One of the most perplexing issues facing a new business owner is determining what type of entity or organizational structure is most advantageous in conducting business operations: A Sole Proprietorship? A Corporation? A General or Limited Partnership? A Limited Liability Company? The business owner must evaluate such a decision by considering business, legal and tax ramifications of entity selection.

A sole proprietorship is the conducting of business by one owner, typically utilized in small businesses. The sole proprietorship is not subject to any state filing requirements. Additionally, the business owner does not have to follow any formal operation procedures, such as creating corporate bylaws or conducting shareholders’ meetings. The disadvantage to operating as a sole proprietorship is that the business owner is subject to unlimited personal liability for the business’ debts. Also, if the business owner is unable to pay personal debts, the assets of the business may be used to satisfy such obligations.

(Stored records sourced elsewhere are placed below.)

(* Let $g(x)=\sum_{k=0}^\infty a_k x^k$ be a real power series convergent for $x\in(-\varrho,\varrho)$, some $\varrho\in(0,\infty)$, and put $G(y)=g(1/y)$. Then for every real $y>1+\max\{1,1/\varrho\}$, $$(y+1)G(y)-yG(y-1)=a_0-\sum_{k=2}^\infty \frac{\sum_{i=1}^{k-1}\binom{k}{i-1}a_i+\bigl(\binom{k}{k-1}-1\bigr)a_k}{y^k},$$ the series being convergent. Consequently $\lim_{y\to\infty}\bigl((y+1)G(y)-yG(y-1)\bigr)=a_0$. In particular, $\lim_{y\to\infty}\Bigl(\frac{(y+1)^{y+1}}{y^y}-\frac{y^y}{(y-1)^{y-1}}\Bigr)=\mathrm{e}$.
   Context: $\mathrm{e}$ is the base of the natural logarithm; the special case corresponds to $g(x)=(1+x)^{1/x}$ (with value $\mathrm{e}$ at $0$), whose Maclaurin series converges on $(-1,1)$ and has constant term $\mathrm{e}$, so that $G(y)=(1+1/y)^y$. *)

From Stdlib Require Import Reals.
Open Scope R_scope.

Definition G (g : R -> R) (y : R) : R := g (/ y).

(* Numerator of the k-th term, for k >= 2:
   sum_{i=1}^{k-1} C(k,i-1) a_i + (C(k,k-1) - 1) a_k.
   Written with j = i-1 ranging over 0..k-2. *)
Definition coef (a : nat -> R) (k : nat) : R :=
  sum_f_R0 (fun j => C k j * a (S j)) (k - 2) + (C k (k - 1) - 1) * a k.

Definition lim_at_infty (f : R -> R) (l : R) : Prop :=
  forall eps : R, eps > 0 -> exists M : R, forall y : R, y > M -> Rabs (f y - l) < eps.

From Stdlib Require Import Reals Lra Lia.
From Coquelicot Require Import Hierarchy Derive AutoDerive.
Open Scope R_scope.

(* Put t = 1/y and u = 1/(y-1), so that u = t + t u.  Then y u^(j+1) = sum_k C(k,j) t^k, hence
   y (g(u) - a_0) = sum_j a_(j+1) y u^(j+1) is a double series in t; summing it by rows gives
   sum_k t^k sum_j C(k,j) a_(j+1), and comparing with (y+1) g(t) term by term yields the
   identity.  Rows may be summed first because the tails E_j(N) of sum_k C(k,j) t^k are
   nonnegative and satisfy Pascal-type recurrences, so that their weighted sums
   sum_j s^j E_j(N) decay geometrically in N.
   The limit a_0 follows from g(x) = a_0 + a_1 x + O(x^2).  For the special case, the mean
   value theorem applies to F(y) = (y+1)^(y+1)/y^y, whose derivative F(c) ln(1 + 1/c) lies
   within e/c of e. *)

(** * Power series near the origin *)

Lemma Un_cv_const (c : R) : Un_cv (fun _ => c) c.
Proof.
  intros eps Heps. exists 0%nat. intros n _.
  unfold Rdist. rewrite Rminus_diag, Rabs_R0. lra.
Qed.

Lemma sum_f_R0_mult_l (f : nat -> R) c N :
  sum_f_R0 (fun i => c * f i) N = c * sum_f_R0 f N.
Proof. induction N as [|N IH]; simpl; [ring|]. rewrite IH. ring. Qed.

Lemma infinite_sum_terms_bounded f l :
  infinite_sum f l -> exists B, forall n, Rabs (f n) <= B.
Proof.
  intros Hf.
  destruct (cauchy_bound _ (CV_Cauchy _ (exist _ _ (cv_cvabs _ _ Hf)))) as [M HM].
  assert (HS : forall n, Rabs (sum_f_R0 f n) <= M) by (intros n; apply HM; exists n; reflexivity).
  exists (2 * M). intros [|n].
  - specialize (HS 0%nat). simpl in HS. pose proof (Rabs_pos (f 0%nat)). lra.
  - replace (f (S n)) with (sum_f_R0 f (S n) + - sum_f_R0 f n) by (simpl; ring).
    eapply Rle_trans; [apply Rabs_triang|]. rewrite Rabs_Ropp.
    pose proof (HS (S n)). pose proof (HS n). lra.
Qed.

A partnership is defined as two or more persons joining together for the purposes of conducting business for profit. Most Ohio partnerships take the form of either a general or limited partnership. There are minimal filing requirements for a general partnership. A limited partnership must file a partnership agreement with the Ohio Secretary of State, however. Unlike corporations, partnerships do not pay taxes on partnership earnings. Each partner is taxed on his/her percentage ownership interest. The general partners are personally liable for the debts and liabilities of the partnership.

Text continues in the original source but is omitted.